Desmanche do Sarneyismo

Por Antonio Leandro | 04/08/2009 | Política

Karl Marx (1818-1883), pai de O Capital, tinha razão, quando disse: "tudo o que é sólido desmancha no ar". Como um profeta, ele antevia o fim das oligarquias burguesas, dos sistemas de governos, dos modos de produção, dos coronelismos regionais, dos senhores das Casas Grandes, dos caudilhos etc. Porque o Estado moderno não passaria de "um comitê que administra os negócios da classe burguesa como um todo", leia-se no O Manifesto Comunista. Esse modelo de Estado precisaria ser destruído, abominado, pois estava carcomido por lideranças que outra coisa não faziam senão legislar em prol dos seus próprios interesses.

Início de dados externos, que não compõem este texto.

Lemma gwa_span_nf z : gwa_span z -> exists N (p q : nat -> {poly k}),
  forall M, (N <= M)%N ->
    z = \sum_(n < M) (iota (p n) * x ^+ n + iota (q n) * y ^+ n.+1).
Proof.
pose nf u := exists N (p q : nat -> {poly k}), forall M, (N <= M)%N ->
  u = \sum_(n < M) (iota (p n) * x ^+ n + iota (q n) * y ^+ n.+1).
have iota0 := kalg_hom0 gwa_iota_hom.
have sum_delta (F : nat -> A) j M : (j < M)%N ->
    \sum_(n < M) (if n == j :> nat then F n else 0) = F j.
  by move=> jM; rewrite -big_mkcond big_ord1_eq jM.
have nfX u p0 j : nf u -> nf (u + iota p0 * x ^+ j).
  case=> N [p [q uE]].
  exists (maxn N j.+1), (fun n => p n + (if n == j then p0 else 0)), q.
  move=> M; rewrite geq_max => /andP [NM jM].
  rewrite (uE M NM) -(sum_delta (fun n => iota p0 * x ^+ n) _ _ jM) -big_split.
  apply: eq_bigr => n _ /=; case: eqP => _; rewrite ?iota0 ?mul0r ?addr0 //.
  by rewrite iotaD mulrDl addrAC.
have nfY u p0 j : nf u -> nf (u + iota p0 * y ^+ j.+1).
  case=> N [p [q uE]].
  exists (maxn N j.+1), p, (fun n => q n + (if n == j then p0 else 0)).
  move=> M; rewrite geq_max => /andP [NM jM].
  rewrite (uE M NM) -(sum_delta (fun n => iota p0 * y ^+ n.+1) _ _ jM) -big_split.
  apply: eq_bigr => n _ /=; case: eqP => _; rewrite ?iota0 ?mul0r ?addr0 //.
  by rewrite iotaD mulrDl addrA.
elim=> [|u p0 j _ nfu|u p0 [|j] _ nfu]; [|exact: nfX| |exact: nfY].
  exists 0%N, (fun=> 0), (fun=> 0) => M _.
  by rewrite big1 // => n _; rewrite iota0 !mul0r addr0.
by rewrite expr0 -(expr0 x); apply: nfX.
Qed.

End GWARelations.

Section GWAStructure.
Variables (k : fieldType) (h0 : k) (a : {poly k}).
Variables (A : algType k) (iota : {poly k} -> A) (x y : A).
Hypothesis A_gwa : is_GWA a (shift_sigma h0) iota x y.

Let iota_hom := gwa_iota_hom A_gwa.1.

Lemma gwa_span_all z : gwa_span iota x y z.
Proof.
(* The span is stable under left multiplication by the generators, hence by all of A. *)
pose P u := forall v, gwa_span iota x y v -> gwa_span iota x y (u * v).
have Pz : P z.
  apply: (is_GWA_ind A_gwa (P := P)) => [v|u1 u2 P1 P2 v|u1 u2 P1 P2 v|c u Pu v|p v|v|v] sv.
  - by rewrite mul1r.
  - by rewrite mulrDl; apply: gwa_spanD; [apply: P1 | apply: P2].
  - by rewrite -mulrA; apply/P1/P2.
  - rewrite -scalerAl -mulr_algl -(kalg_hom1 iota_hom) -(kalg_homZ iota_hom).
    exact/(gwa_span_iotaM A_gwa.1)/Pu.
  - exact: (gwa_span_iotaM A_gwa.1).
  - exact: (gwa_span_xM A_gwa.1).
  - exact: (gwa_span_yM A_gwa.1).
rewrite -[z]mulr1; apply: Pz.
by rewrite -(kalg_hom1 iota_hom) -[iota 1]mulr1 -(expr0 x); apply: gwa_span_monoX.
Qed.

Lemma gwa_normal_form z : exists N (p q : nat -> {poly k}),
  z = \sum_(n < N) (iota (p n) * x ^+ n + iota (q n) * y ^+ n.+1).
Proof.
have [N [p [q zE]]] := gwa_span_nf A_gwa.1 (gwa_span_all z).
by exists N, p, q; apply: zE.
Qed.

Lemma gwa_monomials_free d N (p q : nat -> {poly k}) : a != 0 -> (0 < d)%N ->
  \sum_(n < N) (iota (p n) * x ^+ (d * n) + iota (q n) * y ^+ (d * n.+1)) = 0 ->
  forall j, (j < N)%N -> p j = 0 /\ q j = 0.
Proof.
move=> a_neq0 d_gt0 sum0 j jN.
have [[psi [psi_hom psi_iota psi_x psi_y]] _] := A_gwa.2 _ _ _ _ (model_rel h0 a).
(* The degree m component of the image of delta0, computed monomial by monomial. *)
have coef0 m : \sum_(n < N) ((if m == (d * n)%N%:Z then p n else 0) +
    (if m == - (d * n.+1)%N%:Z then q n * shift_prod h0 a (d * n.+1) else 0)) = 0.
  transitivity (psi 0 (delta0 k) m); last by rewrite (kalg_hom0 psi_hom).
  rewrite -sum0 (kalg_hom_sum psi_hom) lendo_sumE; apply: eq_bigr => n _.
  rewrite (kalg_homD psi_hom) !(kalg_homM psi_hom) !(kalg_homX psi_hom).
  by rewrite !psi_iota psi_x psi_y lendoDE model_monoX model_monoY.
have x_ne_y n n' : ((d * n)%N%:Z == - (d * n'.+1)%N%:Z) = false.
  by apply/negbTE/eqP; nia.
have y_ne_x n n' : (- (d * n'.+1)%N%:Z == (d * n)%N%:Z) = false.
  by rewrite eq_sym x_ne_y.
have delta (F : nat -> {poly k}) : F j = \sum_(n < N) (if n == j :> nat then F n else 0).
  by rewrite -big_mkcond big_ord1_eq jN.
split.
  rewrite (delta p) -[RHS](coef0 (d * j)%N%:Z); apply: eq_bigr => n _.
  by rewrite x_ne_y addr0 eqz_nat eqn_pmul2l // eq_sym.
have : q j * shift_prod h0 a (d * j.+1) = 0.
  rewrite (delta (fun n => q n * shift_prod h0 a (d * n.+1))).
  rewrite -[RHS](coef0 (- (d * j.+1)%N%:Z)).
  apply: eq_bigr => n _.
  by rewrite y_ne_x add0r eqr_opp eqz_nat eqn_pmul2l // eqSS eq_sym.
by move/eqP; rewrite mulf_eq0 (negbTE (shift_prod_neq0 _ _ a_neq0)) orbF => /eqP.
Qed.
End GWAStructure.

Section Veronese.
Variables (k : fieldType) (h0 : k) (a : {poly k}) (r : nat).
Hypothesis r_neq0 : r%:R != 0 :> k.
Variables (A : algType k) (iota : {poly k} -> A) (x y : A).
Local Notation dilateV p := (p \Po (r%:R^-1 *: 'X)).

Lemma veronese_rel : gwa_rel a (shift_sigma h0) iota x y ->
  gwa_rel (a_tilde h0 r a) (shift_sigma h0) (fun p => iota (dilateV p)) (x ^+ r) (y ^+ r).
Proof.
move=> rel; have iota_hom := gwa_iota_hom rel.
have shift_dilateV p : dilateV (shift_sigma h0 p) = iter r (shift_sigma h0) (dilateV p).
  by rewrite shift_sigma_dilate ?invr_neq0 // invrK iter_shift_sigma mulrC.
split.
- exact: kalg_hom_comp (comp_poly_kalg_hom _) iota_hom.
- by rewrite (gwa_yXxX rel) a_tilde_dilate.
- by rewrite (gwa_xXyX rel) shift_dilateV a_tilde_dilate.
- by move=> p; rewrite (gwa_xXr rel) shift_dilateV.
- by move=> p; rewrite (gwa_ryX rel) shift_dilateV.
Qed.

Variables (B : algType k) (iotaB : {poly k} -> B) (X Y : B).
Hypotheses (A_gwa : is_GWA a (shift_sigma h0) iota x y)
  (B_gwa : is_GWA (a_tilde h0 r a) (shift_sigma h0) iotaB X Y).
Variable phi : B -> A.
Hypotheses (phi_hom : is_kalg_hom phi) (phi_iota : forall p, phi (iotaB p) = iota (dilateV p))
  (phi_X : phi X = x ^+ r) (phi_Y : phi Y = y ^+ r).

Lemma veronese_injective : a != 0 -> injective phi.
Proof.
move=> a_neq0 b1 b2 phi_eq; apply/eqP; rewrite -subr_eq0; apply/eqP.
have [N [p [q bE]]] := gwa_normal_form B_gwa (b1 - b2).
have phi_nf : \sum_(n < N) (iota (dilateV (p n)) * x ^+ (r * n) +
    iota (dilateV (q n)) * y ^+ (r * n.+1)) = 0.
  rewrite -[RHS](subrr (phi b2)) -{1}phi_eq -(kalg_homB phi_hom) bE (kalg_hom_sum phi_hom).
  apply: eq_bigr => n _; rewrite (kalg_homD phi_hom) !(kalg_homM phi_hom).
  by rewrite !(kalg_homX phi_hom) !phi_iota phi_X phi_Y -!exprM.
have r_gt0 : (0 < r)%N by rewrite lt0n; apply: contraNneq r_neq0 => ->.
rewrite bE big1 // => n _.
have [/eqP pn0 /eqP qn0] := gwa_monomials_free A_gwa (p := fun n => dilateV (p n))
  (q := fun n => dilateV (q n)) a_neq0 r_gt0 phi_nf (ltn_ord n).
move: pn0 qn0; rewrite !dilate_eq0 ?invr_neq0 // => /eqP -> /eqP ->.
by rewrite (kalg_hom0 (gwa_iota_hom B_gwa.1)) !mul0r addr0.
Qed.

Variables (theta : A -> A) (w : k).
Hypotheses (theta_hom : is_kalg_hom theta) (theta_x : theta x = w *: x)
  (theta_y : theta y = w^-1 *: y) (theta_h : theta (iota 'X) = iota 'X).
Hypothesis w_prim : r.-primitive_root w.

Let iota_hom := gwa_iota_hom A_gwa.1.

Lemma theta_iota p : theta (iota p) = iota p.
Proof. exact: (kalg_hom_poly_eq (kalg_hom_comp iota_hom theta_hom) iota_hom theta_h). Qed.

Lemma theta_phi b : theta (phi b) = phi b.
Proof.
have wr1 := prim_expr_order w_prim.
have [[_ _] uniq] := B_gwa.2 A _ _ _ (veronese_rel A_gwa.1).
apply: (uniq (theta \o phi) phi) => //.
- exact: kalg_hom_comp phi_hom theta_hom.
- by move=> p /=; rewrite phi_iota theta_iota.
- by rewrite /= phi_X (kalg_homX theta_hom) theta_x exprZn wr1 scale1r.
- by rewrite /= phi_Y (kalg_homX theta_hom) theta_y exprZn exprVn wr1 invr1 scale1r.
Qed.

Lemma reynolds_monomial_in_image (t : A) (T : B) (c : k) p n :
  phi T = t ^+ r -> theta t = c *: t -> (forall m, (c ^+ m == 1) = (r %| m)%N) ->
  exists b, phi b = reynolds theta r (iota p * t ^+ n).
Proof.
move=> phi_T t_eigen c_order.
have iter_iota i : iter i theta (iota p) = iota p by elim: i => //= i ->; apply: theta_iota.
have iter_hom i := kalg_hom_iter i theta_hom.
rewrite (reynolds_eigen r_neq0 (c := c ^+ n)); first last.
- move=> i; rewrite (kalg_homM (iter_hom i)) iter_iota (kalg_homX (iter_hom i)).
  by rewrite (iter_eigen theta_hom _ t_eigen) exprZn -scalerAr exprAC.
- by rewrite exprAC (eqP (_ : c ^+ r == 1)) ?expr1n ?c_order.
case: ifPn => [|_]; last by exists 0; rewrite (kalg_hom0 phi_hom).
rewrite c_order => /dvdnP [m ->].
exists (iotaB (p \Po (r%:R *: 'X)) * T ^+ m).
by rewrite (kalg_homM phi_hom) phi_iota dilateK // (kalg_homX phi_hom) phi_T -exprM mulnC.
Qed.

Lemma invariant_in_image z : (forall i : 'I_r, iter i theta z = z) -> exists b, phi b = z.
Proof.
move=> z_fixed; rewrite -(reynolds_fixed r_neq0 z_fixed).
have w_order m : (w ^+ m == 1) = (r %| m)%N by rewrite (prim_order_dvd w_prim).
have wV_order m : (w^-1 ^+ m == 1) = (r %| m)%N by rewrite exprVn invr_eq1.
elim: (gwa_span_all A_gwa z) => [|u p n _ [b1 E1]|u p n _ [b1 E1]].
- by exists 0; rewrite (kalg_hom0 phi_hom) reynolds0.
- have [b2 E2] := reynolds_monomial_in_image p n phi_X theta_x w_order.
  by exists (b1 + b2); rewrite (kalg_homD phi_hom) E1 E2 reynoldsD.
- have [b2 E2] := reynolds_monomial_in_image p n phi_Y theta_y wV_order.
  by exists (b1 + b2); rewrite (kalg_homD phi_hom) E1 E2 reynoldsD.
Qed.

End Veronese.

Unset Implicit Arguments. Set Strict Implicit. Set Printing Implicit Defensive.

O Estado, na concepção de Marx, serviria para proteger os interesses da burguesia.

Max Weber (1864-1920) também disse coisas relevantes sobre a "Política como vocação". O criador da Sociologia Compreensiva entende a "política" como "participação no poder ou a luta para influir na distribuição de poder, seja entre Estados ou entre grupos dentro de um Estado". Considerando esse princípio, partamos da hipótese de que muitos políticos brasileiros não exercem suas funções políticas por vocação senão por conveniência, isto é, por salários e troca da distribuição de cargos em funções governamentais, sobretudo, aos mais fiéis. Ou seja, "Em troca de serviços leais, hoje, os líderes partidários distribuem cargos de todos os tipos (...)". E o autor arremata: "Todas as lutas partidárias são lutas para o controle de cargos, bem como lutas para metas objetivas".

As tensões atuais no Senado, que resultarão na queda do seu Presidente, José Sarney, revelam um jogo de interesses políticos, disputas por cargos entre aliados, em vista não apenas da lealdade e base legitimadora do poder Executivo, como também de apoio nas posteriores eleições. Se na política nada é por acaso e sem pretensões de influir na distribuição do poder, onde fica a máxima de Aristóteles que dizia que a política seria a arte de bem governar e de favorecer o bem-estar aos cidadãos?

Os atos "secretos" que, sorrateiramente, foram editados, beneficiando senadores e seus familiares e funcionários públicos, demonstram que o Senado brasileiro está apodrecido, corroído pela indecência moral de seus representantes, isto é, encontra-se em uma situação de descalabro moral. O Senado perdeu credibilidade diante da sua função de vigiar e controlar a constitucionalidade ou não da Lei, sobretudo em relação ao poder Executivo. A edição de atos "secretos", inconstitucionais, é um contra-senso diante da função que resguarda o Senado - considerar inconstitucionais quaisquer leis que firam os direitos do cidadão, uma vez que o regime democrático é um regime da legalidade.

Na última década, a República brasileira tem assistido o fim trágico de muitos políticos. Não poucos, para escaparem da guilhotina, renunciaram cargos políticos, outros tiveram seus registros cassados, alguns foram assassinatos. Muitos deles foram antigos caudilhos e coronéis. Um destes últimos, Senador José Sarney, pensava-se que chegasse ao fim do seu cenário público ileso de quaisquer suspeitas de corrupção. Engano! O Senador chega ao término de sua vida pública manchado pela impureza política. E o estopim da tragédia fora o ex-diretor-geral do Senado, Agaciel Maia, que, segundo a mídia escrita, chancelava medidas secretas, para privilegiar familiares do ex-Presidente José Sarney e seu séqüito.

Assistimos o desmanche do Senador José Sarney. Dissolve-se, lentamente. Prova: seu pedestal não estava tão sólido como se pensava. Já no finalzinho de sua carreira política, semelhantemente ao último caudilho e coronel baiano, Antônio Carlos Magalhães, tem sua vida manchada por respingos de corrupção. Sem dúvida, a vergonha pública que doravante lhe perseguirá poderá apressar seu definhamento, a morte.

Na República brasileira, é possível distinguir quem é, realmente, político por vocação ou por conveniência?